Я извинился перед присутствующими и покинул конференц-зал. Случившийся казус ввел меня в некоторое замешательство – ранее подобного не случалось. Видимо, я и так услышал лишнего, а теперь за закрытыми дверями решались вопросы, которые касались только бенефициаров, но никак не разработчиков. Рациональность рассуждений, впрочем, не помешала мне слегка оскорбиться, но, мысленно поругав себя за инфантильность, я выкинул глупые обиды из головы. Уж кто должен чувствовать себя униженным и оскорбленным, так это Антонов, который едва ли не вздрагивал, когда слышал громоподобный голос ветерана. Раздумывая над тем, что же значила эта сцена, я поднялся в офис «Народной помощи», где и провел несколько часов с моими подопечными, пока кто-то не упомянул, что совещание закончилось, а Сергей Сергеевич давно сидит у себя в кабинете.
Когда я зашел в кабинет Антонова, обнаружил, что тот был не один. Перед ним сидела незнакомая мне женщина лет сорока-пятидесяти, в очках, с заостренными чертами лица. Она что-то говорила, указывая на целую кипу бумаг, аккуратно разложенных на массивном дубовом столе. Не желая мешать беседе, я хотел было удалиться, но Антонов сделал жест в сторону кресла, и я невольно стал свидетелем не очень приятного диалога.
– Из тех документов, которые вы просили, все здесь. Я не до конца понимаю, какие еще нарекания вызывает наш фонд.
– Мы с вами видимся в четвертый раз… – снисходительно начал Антонов.
– Даже пятый, – вежливо улыбнулась женщина.
– Тем более! Даже пятый раз! – кивнул Сергей Сергеевич и не удержался, чтобы не закатить глаза. – Но пока что, к несчастью, документы не приведены в удобоваримое состояние.
– Я принесла даже заключения от пожарных и санэпидемстанции о том, что помещение, в котором мы располагаемся, соответствует требованиям. Мне не до конца ясно, зачем нужны подобные формальности, если мы всего лишь желаем подключиться к виртуальной системе…

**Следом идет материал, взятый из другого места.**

Lemma bexpect_cons N (F : {ffun 'I_N.+1 -> bool} -> R) :
  bexpect F = q * bexpect (fun v => F (cons_ffun true v))
            + (1 - q) * bexpect (fun v => F (cons_ffun false v)).
Proof.
rewrite /bexpect big_ffun_cons big_bool /= !mulr_sumr.
congr (_ + _); apply: eq_bigr => v _; rewrite big_ord_recl cons_ffun0 /=;
  under eq_bigr do rewrite cons_ffunS; by rewrite mulrA.
Qed.

Lemma bexpectD N (F G : {ffun 'I_N -> bool} -> R) :
  bexpect (fun v => F v + G v) = bexpect F + bexpect G.
Proof. by rewrite -big_split; apply: eq_bigr => v _; rewrite mulrDr. Qed.

Lemma bexpectZ N a (F : {ffun 'I_N -> bool} -> R) :
  bexpect (fun v => a * F v) = a * bexpect F.
Proof. by rewrite mulr_sumr; apply: eq_bigr => v _; rewrite mulrCA. Qed.

Lemma bexpectN N (F : {ffun 'I_N -> bool} -> R) : bexpect (fun v => - F v) = - bexpect F.
Proof. by rewrite -mulN1r -bexpectZ; apply: eq_bexpect => v; rewrite mulN1r. Qed.

Lemma bexpect_sum N I (r : seq I) (F : I -> {ffun 'I_N -> bool} -> R) :
  bexpect (fun v => \sum_(i <- r) F i v) = \sum_(i <- r) bexpect (F i).
Proof.
rewrite exchange_big; apply: eq_bigr => v _; exact: mulr_sumr.
Qed.

Lemma bexpect1 N : bexpect (fun _ : {ffun 'I_N -> bool} => 1) = 1.
Proof.
elim: N => [|N IH]; first by rewrite bexpect_ord0.
by rewrite bexpect_cons IH; ring.
Qed.

Lemma bexpect_exprDn N (F : {ffun 'I_N -> bool} -> R) d k :
  bexpect (fun v => (F v + d) ^+ k)
  = \sum_(i < k.+1) 'C(k, i)%:R * d ^+ (k - i) * bexpect (fun v => F v ^+ i).
Proof.
under eq_bexpect do rewrite addrC exprDn.
rewrite bexpect_sum; apply: eq_bigr => i _; rewrite -bexpectZ.
apply: eq_bexpect => v; rewrite -mulr_natl; ring.
Qed.

Definition ccount N (v : {ffun 'I_N -> bool}) : R := #|[set n | v n]|%:R - N%:R * q.

Lemma card_cons_ffun N b (v : {ffun 'I_N -> bool}) :
  #|[set n | cons_ffun b v n]| = (b + #|[set n | v n]|)%N.
Proof.
rewrite -!sum1_card !big_mkcond big_ord_recl /= inE cons_ffun0.
congr addn; under eq_bigr do rewrite inE cons_ffunS.
by rewrite [RHS]big_mkcond; apply: eq_bigr => n _; rewrite inE.
Qed.

Lemma ccount_cons N b (v : {ffun 'I_N -> bool}) :
  ccount (cons_ffun b v) = ccount v + (b%:R - q).
Proof. by rewrite /ccount card_cons_ffun natrD -natr1; ring. Qed.

Lemma bexpect_ccount_cons N k :
  bexpect (fun v : {ffun 'I_N.+1 -> bool} => ccount v ^+ k)
  = q * bexpect (fun v : {ffun 'I_N -> bool} => (ccount v + (1 - q)) ^+ k)
    + (1 - q) * bexpect (fun v : {ffun 'I_N -> bool} => (ccount v + - q) ^+ k).
Proof.
by rewrite bexpect_cons; congr (_ * _ + _ * _); apply: eq_bexpect => v;
  rewrite ccount_cons /= ?add0r.
Qed.

Notation moment N k := (bexpect (fun v : {ffun 'I_N -> bool} => ccount v ^+ k)).

Lemma ccount_moments N (c := q * (1 - q)) :
  [/\ moment N 0 = 1, moment N 1 = 0, moment N 2 = N%:R * c,
      moment N 3 = N%:R * c * (1 - 2 * q)
    & moment N 4 = 3 * c ^+ 2 * N%:R ^+ 2 + N%:R * c * (1 - 6 * c)].
Proof.
elim: N => [|N [m0 m1 m2 m3 m4]].
  rewrite !bexpect_ord0 /ccount (@eq_card0 _ [set n | _]) => [|[]//].
  by rewrite /c; split; ring.
rewrite !bexpect_ccount_cons !bexpect_exprDn !big_ord_recr !big_ord0 /= !binE /=.
by rewrite m0 m1 m2 m3 m4 /c; split; ring.
Qed.

Lemma bprobC N (E : pred {ffun 'I_N -> bool}) : bprob (predC E) = 1 - bprob E.
Proof.
rewrite -(bexpect1 N) /bprob -bexpectN -bexpectD.
by apply: eq_bexpect => v /=; case: (E v); rewrite /= ?subrr ?subr0.
Qed.

Hypothesis q01 : 0 <= q <= 1.

Lemma bexpect_ge0 N (F : {ffun 'I_N -> bool} -> R) :
  (forall v, 0 <= F v) -> 0 <= bexpect F.
Proof.
case/andP: q01 => q0 q1 F0; apply: sumr_ge0 => v _; rewrite mulr_ge0 //.
by apply: prodr_ge0 => n _; rewrite /bern; case: (v n); rewrite ?subr_ge0.
Qed.

Lemma ler_bexpect N (F G : {ffun 'I_N -> bool} -> R) :
  (forall v, F v <= G v) -> bexpect F <= bexpect G.
Proof.
move=> FG; rewrite -subr_ge0 -bexpectN -bexpectD.
by apply: bexpect_ge0 => v; rewrite subr_ge0.
Qed.

Lemma bprob_ge0 N (E : pred {ffun 'I_N -> bool}) : 0 <= bprob E.
Proof. exact: bexpect_ge0. Qed.

Lemma bprob_le1 N (E : pred {ffun 'I_N -> bool}) : bprob E <= 1.
Proof. by rewrite -subr_ge0 -bprobC bprob_ge0. Qed.

Lemma le_bprob N (E E' : pred {ffun 'I_N -> bool}) :
  (forall v, E v -> E' v) -> bprob E <= bprob E'.
Proof.
move=> EE'; apply: ler_bexpect => v.
by case: (boolP (E v)) => [/EE' ->|_] //=; rewrite ler0n.
Qed.

Lemma markov_bprob N (G : {ffun 'I_N -> bool} -> R) (E : pred {ffun 'I_N -> bool}) a :
  (forall v, 0 <= G v) -> (forall v, E v -> a <= G v) -> a * bprob E <= bexpect G.
Proof.
move=> G0 EG; rewrite -bexpectZ; apply: ler_bexpect => v.
by case: (boolP (E v)) => [/EG|_]; rewrite ?mulr1 ?mulr0.
Qed.

Lemma ccount_chebyshev N (E : pred {ffun 'I_N -> bool}) t : 0 <= t ->
  (forall v, E v -> t <= `|ccount v|) -> t ^+ 2 * bprob E <= N%:R * (q * (1 - q)).
Proof.
move=> t0 Efar; have [_ _ <- _ _] := ccount_moments N.
apply: markov_bprob => [v|v /Efar tY]; first exact: sqr_ge0.
by rewrite -[ccount v ^+ 2]real_normK ?num_real // lerXn2r ?nnegrE.
Qed.

Lemma quartic_le_indicator_lt0 (s y : R) : 0 < s ->
  s ^+ 2 * y ^+ 2 - y ^+ 4 / 8 - 2 * s ^+ 3 * y <= 7 * s ^+ 4 * (y < 0)%R%:R.
Proof.
move=> s0; have s0' := ltW s0.
case: (ltP y 0) => hy /=; rewrite ?mulr1 ?mulr0.
  have k1 := sqr_ge0 (y ^+ 2 - 6 * s ^+ 2).
  have k2 := mulr_ge0 (sqr_ge0 s) (sqr_ge0 (y + 2 * s)).
  have k3 := exprn_ge0 4 s0'.
  nra.
have k1 := mulr_ge0 (sqr_ge0 y) (sqr_ge0 (y - 2 * s)).
have k2 := mulr_ge0 (mulr_ge0 hy s0') (sqr_ge0 (2 * y - 3 * s)).
have k3 := mulr_ge0 hy (exprn_ge0 3 s0').
nra.
Qed.

Lemma anticoncentration N (G : {ffun 'I_N -> bool} -> R) s : 0 < s ->
  bexpect G = 0 -> bexpect (fun v => G v ^+ 2) = s ^+ 2 ->
  bexpect (fun v => G v ^+ 4) <= 4 * s ^+ 4 ->
  1 / 14 <= bprob (fun v => G v < 0).
Proof.
move=> s0 m1 m2 m4.
have := ler_bexpect (fun v => quartic_le_indicator_lt0 (G v) s0).
have -> : bexpect (fun v => s ^+ 2 * G v ^+ 2 - G v ^+ 4 / 8 - 2 * s ^+ 3 * G v)
    = s ^+ 2 * s ^+ 2 - bexpect (fun v => G v ^+ 4) / 8.
  rewrite -m2 -[_ / 8]mulrC -[_ - _](subr0) -[0](mulr0 (2 * s ^+ 3)) -m1.
  by rewrite -!bexpectZ -!bexpectN -!bexpectD; apply: eq_bexpect => v; ring.
have s22 : s ^+ 2 * s ^+ 2 = s ^+ 4 by rewrite -exprD.
have s4 : 0 < s ^+ 4 by rewrite exprn_gt0.
rewrite bexpectZ s22 -(ler_pM2l s4) /bprob => h; lra.
Qed.

End BernoulliProduct.

(* Not opened earlier: it would reparse the finset [set n | v n] in ccount. *)
Local Open Scope classical_set_scope.

Lemma inv_natr_cvg0 (R : realType) : (fun N : nat => (N%:R : R)^-1) @ \oo --> (0 : R).
Proof.
apply/gtr0_cvgV0; last exact: cvgr_idn.
by near=> N; rewrite ltr0n; near: N; exact: nbhs_infty_gt.
Unshelve. all: by end_near. Qed.

Lemma nbhs_infty_natrM_ge1 (R : realType) (c : R) : 0 < c ->
  \forall N \near \oo, 1 <= N%:R * c.
Proof.
move=> c0; near=> N; rewrite -ler_pdivrMr //; near: N; exact: nbhs_infty_ger.
Unshelve. all: by end_near. Qed.

Section BinomialTails.
Variables (R : realType) (q : R).
Hypothesis q01 : 0 <= q <= 1.

Lemma bprob_ccount_far_cvg0 d (E : forall N, pred {ffun 'I_N -> bool}) : 0 < d ->
  (forall N v, E N v -> N%:R * d <= `|ccount q v|) ->
  (fun N => bprob q (E N)) @ \oo --> (0 : R).
Proof.
move=> d0 Efar; set c := q * (1 - q).
have tail N : (0 < N)%N -> bprob q (E N) <= c / d ^+ 2 * N%:R^-1.
  move=> N0; have Nd0 : 0 < N%:R * d by rewrite mulr_gt0 ?ltr0n.
  rewrite -(ler_pM2l (exprn_gt0 2 Nd0)).
  apply: le_trans (ccount_chebyshev q01 (ltW Nd0) (Efar N)) _.
  rewrite [leRHS](_ : _ = N%:R * c) //.
  by field; rewrite pnatr_eq0 -lt0n N0 gt_eqF.
apply: (@squeeze_cvgr _ _ _ _ (fun=> 0) (fun N => c / d ^+ 2 * N%:R^-1)).
- near=> N; rewrite bprob_ge0 ?tail //; near: N; exact: nbhs_infty_gt.
- exact: cvg_cst.
- by rewrite -(mulr0 (c / d ^+ 2)); apply: cvgMr; exact: inv_natr_cvg0.
Unshelve. all: by end_near. Qed.

Lemma ccount_anticoncentration N : 1 <= N%:R * (q * (1 - q)) ->
  1 / 14 <= bprob q (fun v : {ffun 'I_N -> bool} => ccount q v < 0) /\
  1 / 14 <= bprob q (fun v : {ffun 'I_N -> bool} => 0 <= ccount q v).
Proof.
set S := N%:R * _ => S1; have [_ m1 m2 _ m4] := ccount_moments q N.
have c0 : 0 <= q * (1 - q) by case/andP: q01 => q0 q1; rewrite mulr_ge0 ?subr_ge0.
have sqrtS : Num.sqrt S ^+ 2 = S by rewrite sqr_sqrtr // (le_trans ler01).
have m4S : bexpect q (fun v : {ffun 'I_N -> bool} => ccount q v ^+ 4) <= 4 * Num.sqrt S ^+ 4.
  rewrite m4 (_ : _ ^+ 4 = S ^+ 2); last by rewrite -[in RHS]sqrtS -exprM.
  have SS : S <= S ^+ 2 by rewrite expr2 ler_peMl // (le_trans ler01).
  have Sc : 0 <= S * (q * (1 - q)) by rewrite mulr_ge0 // (le_trans ler01).
  rewrite (_ : _ + _ = 3 * S ^+ 2 + S * (1 - 6 * (q * (1 - q)))); last by rewrite /S; ring.
  lra.
have s0 : 0 < Num.sqrt S by rewrite sqrtr_gt0 (lt_le_trans ltr01).
split.
  by apply: anticoncentration s0 _ _ m4S => //; rewrite sqrtS m2.
have negY : forall v : {ffun 'I_N -> bool}, - ccount q v < 0 -> 0 <= ccount q v.
  by move=> v; rewrite oppr_lt0 => /ltW.
apply: le_trans (le_bprob q01 negY); apply: anticoncentration s0 _ _ _ => //.
- by rewrite bexpectN m1 oppr0.
- by rewrite sqrtS /S -m2; apply: eq_bexpect => v; rewrite sqrrN.
- by under eq_bexpect do rewrite -[4%N]/(2 * 2)%N exprM sqrrN -exprM.
Qed.

End BinomialTails.

Section Voting.
Variable R : realType.

Definition vote_prob (p : R) (sigma : R * R) : R := p * sigma.2 + (1 - p) * sigma.1.

Lemma vote_prob_in01 p sigma : 0 <= p <= 1 ->
  0 <= sigma.1 <= 1 -> 0 <= sigma.2 <= 1 -> 0 <= vote_prob p sigma <= 1.
Proof. by rewrite /vote_prob => /andP[? ?] /andP[? ?] /andP[? ?]; apply/andP; split; nra. Qed.

Lemma sum_sym_profile_bprob pH pL N sigma w (P : pred {ffun 'I_N -> bool}) :
  \sum_(s : {ffun 'I_N -> bool}) \sum_(v : {ffun 'I_N -> bool} | P v)
     \prod_(n < N) (Psig pH pL w (s n) * Pvote (@sym_profile R N sigma n) (s n) (v n))
  = bprob (vote_prob (if w then pH else pL) sigma) P.
Proof.
rewrite exchange_big big_mkcond /=; apply: eq_bigr => v _.
case: (P v); rewrite ?mulr1 ?mulr0 //.
rewrite -(bigA_distr_bigA (fun n b => Psig pH pL w b * Pvote sigma b (v n))).
apply: eq_bigr => n _; rewrite big_bool /Psig /Pvote /bern /vote_prob.
by case: (v n); case: w => /=; ring.
Qed.

Definition win_prob (mu q : R) N : R := bprob q (@A_wins R mu N).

– Таким людям, как вы, Елена Андреевна, везде мерещатся формальности. А между тем должен быть порядок. До чего мы докатимся, если не будет порядка? Каждый будет работать вкривь и вкось, в систему проберутся мошенники и будут использовать ее в корыстных интересах.
– Я прекрасно это понимаю, Сергей Сергеевич, – кивнула женщина. – Потому и представляю вам все необходимые документы.

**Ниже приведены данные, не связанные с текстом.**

Lemma sum_generic_reflect_row x : sum_generic x -> sum_generic (reflect_row x).
Proof.
move=> G a b c d ab cd; rewrite /pair_sum !reflect_rowE -!opprD => /oppr_inj e.
have := G (rev_ord a) (rev_ord b) (rev_ord c) (rev_ord d).
by rewrite /same_pair !(inj_eq rev_ord_inj); apply.
Qed.

Lemma RP_reflect_row x : RP (reflect_row x) = relabel (rev_perm m) (RP x).
Proof.
have distN (u v : R) : `|u - - v| = `|- u - v| by rewrite opprK -normrN opprD.
apply/setP => s; apply/idP/imsetP => [/RP_inP[y y_rk]|[t /RP_inP[y y_rk] ->]].
  exists (s * rev_perm m)%g; last by rewrite -mulgA rev_permK mulg1.
  apply/RP_inP; exists (- y) => k k' /y_rk.
  by rewrite !permM !rev_permE !reflect_rowE !distN.
apply/RP_inP; exists (- y) => k k' /y_rk.
by rewrite !reflect_rowE !permM !rev_permE !rev_ordK !distN opprK.
Qed.

End Relabelling.

Lemma convex_comb_lt0 (R : realFieldType) (u v t : R) : u < 0 -> v < 0 ->
  0 <= t <= 1 -> (1 - t) * u + t * v < 0.
Proof.
move=> u0 v0 /andP[t0 t1]; have tu : (1 - t) * u <= 0 by apply: mulr_ge0_le0; lra.
case: (eqVneq t 0) => [-> |tn0]; first by rewrite subr0 mul1r mul0r addr0.
have : t * v < 0 by rewrite pmulr_rlt0 // lt0r tn0.
lra.
Qed.

Section Components.
Variables (R : realType) (m : nat).
Local Open Scope classical_set_scope.
Implicit Types (x : 'rV[R]_m).

Definition sum_generic_points : set 'rV[R]_m := [set x | sum_generic x].

Lemma segment_sum_generic x x' t : sum_generic x -> sum_generic x' ->
  same_sum_order x x' -> 0 <= t <= 1 -> sum_generic (x + t *: (x' - x)).
Proof.
move=> G G' S t01 a b c d ab cd.
case/boolP: (same_pair a b c d) => // not_same e; exfalso.
have comb x'' : pair_sum (x + t *: (x'' - x)) a b - pair_sum (x + t *: (x'' - x)) c d =
    (1 - t) * (pair_sum x a b - pair_sum x c d) + t * (pair_sum x'' a b - pair_sum x'' c d).
  by rewrite /pair_sum !mxE; ring.
have := comb x'; rewrite e subrr.
set u := pair_sum x a b - _; set v := pair_sum x' a b - _.
have neg_uv : (u < 0) = (v < 0) by rewrite !subr_lt0 S.
have pos_uv : (0 < u) = (0 < v) by rewrite !subr_gt0 S.
have := sum_generic_pair_neq G ab cd not_same; rewrite -subr_eq0 -/u.
case: ltgtP => [u_lt0|u_gt0|//] _ /eqP.
  by rewrite eq_sym lt_eqF // convex_comb_lt0 // -neg_uv.
rewrite eq_sym -oppr_eq0 opprD -!mulrN lt_eqF // convex_comb_lt0 // oppr_lt0 //.
by rewrite -pos_uv.
Qed.

Lemma connected_same_sum_order x x' : sum_generic x -> sum_generic x' ->
  same_sum_order x x' -> connected_component sum_generic_points x x'.
Proof.
move=> G G' S; pose g t : 'rV[R]_m := x + t *: (x' - x).
have g_cont : continuous g.
  by move=> t; apply: cvgD; [exact: cvg_cst|apply: cvgZr_tmp; exact: cvg_id].
apply: (connected_component_max (B := g @` `[0, 1])).
- by exists 0; [rewrite /= in_itv /= lexx ler01|rewrite /g scale0r addr0].
- move=> _ [t t01 <-]; rewrite /sum_generic_points /g /=; apply: (segment_sum_generic G G' S).
  by move: t01; rewrite /= in_itv.
- apply: connected_continuous_connected; first exact: segment_connected.
  exact: continuous_subspaceT.
- by exists 1; [rewrite /= in_itv /= lexx ler01|rewrite /g scale1r addrC subrK].
Qed.

Lemma same_sum_order_connected x x' : sum_generic x ->
  connected_component sum_generic_points x x' -> same_sum_order x x'.
Proof.
move=> G xx' a b c d ab cd.
case/boolP: (same_pair a b c d) => [same|not_same].
  by rewrite !(same_pair_sum _ same) !ltxx.
pose C := connected_component sum_generic_points x.
pose phi (v : 'rV[R]_m) : R := pair_sum v a b - pair_sum v c d.
have phi_cont : continuous phi.
  have coord (i : 'I_m) : continuous (fun v : 'rV[R]_m => v ord0 i).
    exact: coord_continuous.
  move=> v; rewrite /phi /pair_sum.
  exact: continuousB (continuousD (coord a v) (coord b v)) (continuousD (coord c v) (coord d v)).
have phi_itv : is_interval (phi @` C).
  apply/connected_intervalP/connected_continuous_connected.
    exact: component_connected.
  exact: continuous_subspaceT.
have phi_neq0 v : C v -> phi v != 0.
  move=> /connected_component_sub Gv; rewrite subr_eq0.
  exact: sum_generic_pair_neq.
have no_sign_change v w : C v -> C w -> phi v < 0 -> 0 < phi w -> False.
  move=> Cv Cw v_lt0 w_gt0.
  have [u Cu phi_u0] : (phi @` C) 0.
    by apply: (phi_itv (phi v) (phi w)); [exists v|exists w|rewrite !ltW].
  by have := phi_neq0 u Cu; rewrite phi_u0 eqxx.
have Cx : C x by apply: connected_component_refl.
rewrite -![_ < pair_sum _ c d]subr_lt0 -/(phi x) -/(phi x').
case: (ltP (phi x) 0); case: (ltP (phi x') 0) => // h' h; exfalso.
- by apply: (no_sign_change x x') => //; rewrite lt_def phi_neq0.
- by apply: (no_sign_change x' x) => //; rewrite lt_def phi_neq0.
Qed.

End Components.
Arguments sum_generic_points : clear implicits.

Section Arrangements.
Variables (R : realType) (m : nat).
Implicit Types (x : 'rV[R]_m) (a b c d i j k l p q r t u v w : 'I_m).

Lemma same_pair_perm_eq a b p q : same_pair a b p q -> perm_eq [:: a; b] [:: p; q].
Proof. by case/orP => /andP[/eqP-> /eqP->]; rewrite ?perm_refl // (perm_catC [:: q]). Qed.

– Кроме одной справки из ЦБФ, – проговорил Антонов и лукаво улыбнулся. Печально известный Центр Бюрократических Фантазий работал до обеда, три дня в неделю. Естественно, в будни. Авгиевы конюшни: добиться чего-то от этого приюта для второстепенных любовниц почли бы за подвиг и герои Эллады.
– Я была там вчера. Мне сказали, что для получения справки вы должны отправить им запрос.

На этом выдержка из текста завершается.